▶ Task instructions
Copy out all lines in the data below containing the string "frac".

○ ○ ○ ○

(* Each of the following systems has an isochronous center at the origin $O$ with zero Urabe function (in systems with $\pm,\mp$, upper signs throughout or lower signs throughout): (i) for every $a\in\mathbb R$: $\dot x=-y+xy-\frac{3a}{4}x^2+ax^3-\frac a4x^4$, $\dot y=x+3y^2+\frac{3a}{2}xy-x^2+\frac{9a}{4}x^2y+\left(\frac13+\frac98a^2\right)x^3-\frac{3a}{4}x^3y-\frac{3a^2}{8}x^4$; (ii) $\dot x=-y+xy\pm\frac{\sqrt2}{2}x^2\mp\frac{2\sqrt2}{3}x^3\pm\frac{\sqrt2}{6}x^4$, $\dot y=x+6y^2\mp\sqrt2xy-\frac52x^2\mp\frac{9\sqrt2}{2}x^2y+\frac{13}{3}x^3\pm\frac{3\sqrt2}{2}x^3y-\frac43x^4$; (iii) $\dot x=-y\mp2\sqrt2xy+x^2\pm2\sqrt2x^3$, $\dot y=x\mp6\sqrt2y^2-2xy\pm2\sqrt2x^2\pm8\sqrt2x^2y+\frac{14}{3}x^3\mp2\sqrt2x^4$.
   Context: For a real planar polynomial system $\dot x=-y+A(x,y)$, $\dot y=x+B(x,y)$, with $A,B$ polynomials having no terms of degree $<2$, the origin $O$ is an isochronous center if there is a punctured neighborhood of $O$ in which every orbit is a closed orbit surrounding $O$ and all these orbits have the same period. Zero Urabe function: write the system as $\dot x=p_0(x)+p_1(x)y$, $\dot y=q_0(x)+q_1(x)y+q_2(x)y^2$ ($p_0(0)=q_0(0)=0$, $p_1(0)\ne0$), where it holds that $-\frac{p_1'p_0}{p_1}+q_1+p_0'-\frac{2q_2p_0}{p_1}\equiv0$. Put $f=-\frac{q_2+p_1'}{p_1}$, $g=-\frac{q_2p_0^2}{p_1}+q_1p_0-p_1q_0$ (the change $z=p_0+p_1y$ gives $\dot x=z$, $\dot z=-g(x)-f(x)z^2$), $F(x)=\int_0^xf$, and $\xi$ near $0$ by $\frac12\xi(x)^2=\int_0^xg(s)e^{2F(s)}ds$, $x\xi(x)>0$ for $x\ne0$. The Urabe function of an isochronous center is the odd analytic $h$ with $\frac{\xi(x)}{1+h(\xi(x))}=g(x)e^{F(x)}$; ''zero Urabe function'' means $h\equiv0$, i.e. $\xi(x)=g(x)e^{F(x)}$ near $0$. *)

From Stdlib Require Import Reals Lra List ClassicalEpsilon.
Import ListNotations.
Open Scope R_scope.

(** * Polynomials in one variable as coefficient lists [c0; c1; ...] (increasing degree) *)
Fixpoint peval (p : list R) (x : R) : R :=
  match p with
  | [] => 0
  | c :: l => c + x * peval l x
  end.

Fixpoint pderiv_aux (n : nat) (p : list R) : list R :=
  match p with
  | [] => []
  | c :: l => INR n * c :: pderiv_aux (S n) l
  end.

Definition pderiv (p : list R) : list R :=
  match p with
  | [] => []
  | _ :: l => pderiv_aux 1 l
  end.

(** * Oriented Riemann integral, total version (0 if not integrable) *)
Definition Rint (f : R -> R) (a b : R) : R :=
  match excluded_middle_informative (inhabited (Riemann_integrable f a b)) with
  | left h => RiemannInt (epsilon h (fun _ => True))
  | right _ => 0
  end.

Definition is_solution (P Q : R -> R -> R) (u v : R -> R) : Prop :=
  forall t, derivable_pt_lim u t (P (u t) (v t)) /\
            derivable_pt_lim v t (Q (u t) (v t)).

(** the orbit {(u t, v t)} surrounds the origin: O lies in a bounded component
    of the complement of the orbit, i.e. every continuous path from O to a point
    far enough away meets the orbit *)
Definition surrounds_origin (u v : R -> R) : Prop :=
  (forall t, (u t, v t) <> (0, 0)) /\
  exists M : R, forall g1 g2 : R -> R,
    continuity g1 -> continuity g2 -> g1 0 = 0 -> g2 0 = 0 ->
    g1 1 ^ 2 + g2 1 ^ 2 > M ^ 2 ->
    exists s t, 0 <= s <= 1 /\ g1 s = u t /\ g2 s = v t.

Definition closed_orbit_period (P Q : R -> R -> R) (x0 y0 T : R) : Prop :=
  exists u v : R -> R,
    is_solution P Q u v /\ u 0 = x0 /\ v 0 = y0 /\
    0 < T /\ (forall t, u (t + T) = u t /\ v (t + T) = v t) /\
    (forall s, 0 < s < T -> (u s, v s) <> (x0, y0)) /\
    surrounds_origin u v.

Definition isochronous_center (P Q : R -> R -> R) : Prop :=
  exists r T : R, 0 < r /\
    forall x0 y0, 0 < x0 ^ 2 + y0 ^ 2 < r ^ 2 -> closed_orbit_period P Q x0 y0 T.

Definition urabe_f (p0 p1 q0 q1 q2 : list R) (x : R) : R :=
  - (peval q2 x + peval (pderiv p1) x) / peval p1 x.
Definition urabe_g (p0 p1 q0 q1 q2 : list R) (x : R) : R :=
  - peval q2 x * (peval p0 x) ^ 2 / peval p1 x + peval q1 x * peval p0 x
  - peval p1 x * peval q0 x.
Definition urabe_F (p0 p1 q0 q1 q2 : list R) (x : R) : R :=
  Rint (urabe_f p0 p1 q0 q1 q2) 0 x.
Definition urabe_xi (p0 p1 q0 q1 q2 : list R) (x : R) : R :=
  let I := Rint (fun s => urabe_g p0 p1 q0 q1 q2 s
                          * exp (2 * urabe_F p0 p1 q0 q1 q2 s)) 0 x in
  if Rlt_dec 0 x then sqrt (2 * I) else - sqrt (2 * I).

Definition zero_urabe (P Q : R -> R -> R) : Prop :=
  exists p0 p1 q0 q1 q2 : list R,
    (forall x y, P x y = peval p0 x + peval p1 x * y) /\
    (forall x y, Q x y = peval q0 x + peval q1 x * y + peval q2 x * y ^ 2) /\
    peval p0 0 = 0 /\ peval q0 0 = 0 /\ peval p1 0 <> 0 /\
    (forall x, peval p1 x <> 0 ->
       - peval (pderiv p1) x * peval p0 x / peval p1 x + peval q1 x
       + peval (pderiv p0) x - 2 * peval q2 x * peval p0 x / peval p1 x = 0) /\
    exists d, 0 < d /\ forall x, Rabs x < d ->
      urabe_xi p0 p1 q0 q1 q2 x
      = urabe_g p0 p1 q0 q1 q2 x * exp (urabe_F p0 p1 q0 q1 q2 x).

Definition isochronous_zero_urabe (P Q : R -> R -> R) : Prop :=
  isochronous_center P Q /\ zero_urabe P Q.

From Stdlib Require Import Reals Lra Lia List ClassicalEpsilon FunctionalExtensionality Ranalysis5.
Import ListNotations.
Open Scope R_scope.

○ ○ ○ ○

▶ Answer box
(* Each of the following systems has an isochronous center at the origin $O$ with zero Urabe function (in systems with $\pm,\mp$, upper signs throughout or lower signs throughout): (i) for every $a\in\mathbb R$: $\dot x=-y+xy-\frac{3a}{4}x^2+ax^3-\frac a4x^4$, $\dot y=x+3y^2+\frac{3a}{2}xy-x^2+\frac{9a}{4}x^2y+\left(\frac13+\frac98a^2\right)x^3-\frac{3a}{4}x^3y-\frac{3a^2}{8}x^4$; (ii) $\dot x=-y+xy\pm\frac{\sqrt2}{2}x^2\mp\frac{2\sqrt2}{3}x^3\pm\frac{\sqrt2}{6}x^4$, $\dot y=x+6y^2\mp\sqrt2xy-\frac52x^2\mp\frac{9\sqrt2}{2}x^2y+\frac{13}{3}x^3\pm\frac{3\sqrt2}{2}x^3y-\frac43x^4$; (iii) $\dot x=-y\mp2\sqrt2xy+x^2\pm2\sqrt2x^3$, $\dot y=x\mp6\sqrt2y^2-2xy\pm2\sqrt2x^2\pm8\sqrt2x^2y+\frac{14}{3}x^3\mp2\sqrt2x^4$.
   Context: For a real planar polynomial system $\dot x=-y+A(x,y)$, $\dot y=x+B(x,y)$, with $A,B$ polynomials having no terms of degree $<2$, the origin $O$ is an isochronous center if there is a punctured neighborhood of $O$ in which every orbit is a closed orbit surrounding $O$ and all these orbits have the same period. Zero Urabe function: write the system as $\dot x=p_0(x)+p_1(x)y$, $\dot y=q_0(x)+q_1(x)y+q_2(x)y^2$ ($p_0(0)=q_0(0)=0$, $p_1(0)\ne0$), where it holds that $-\frac{p_1'p_0}{p_1}+q_1+p_0'-\frac{2q_2p_0}{p_1}\equiv0$. Put $f=-\frac{q_2+p_1'}{p_1}$, $g=-\frac{q_2p_0^2}{p_1}+q_1p_0-p_1q_0$ (the change $z=p_0+p_1y$ gives $\dot x=z$, $\dot z=-g(x)-f(x)z^2$), $F(x)=\int_0^xf$, and $\xi$ near $0$ by $\frac12\xi(x)^2=\int_0^xg(s)e^{2F(s)}ds$, $x\xi(x)>0$ for $x\ne0$. The Urabe function of an isochronous center is the odd analytic $h$ with $\frac{\xi(x)}{1+h(\xi(x))}=g(x)e^{F(x)}$; ''zero Urabe function'' means $h\equiv0$, i.e. $\xi(x)=g(x)e^{F(x)}$ near $0$. *)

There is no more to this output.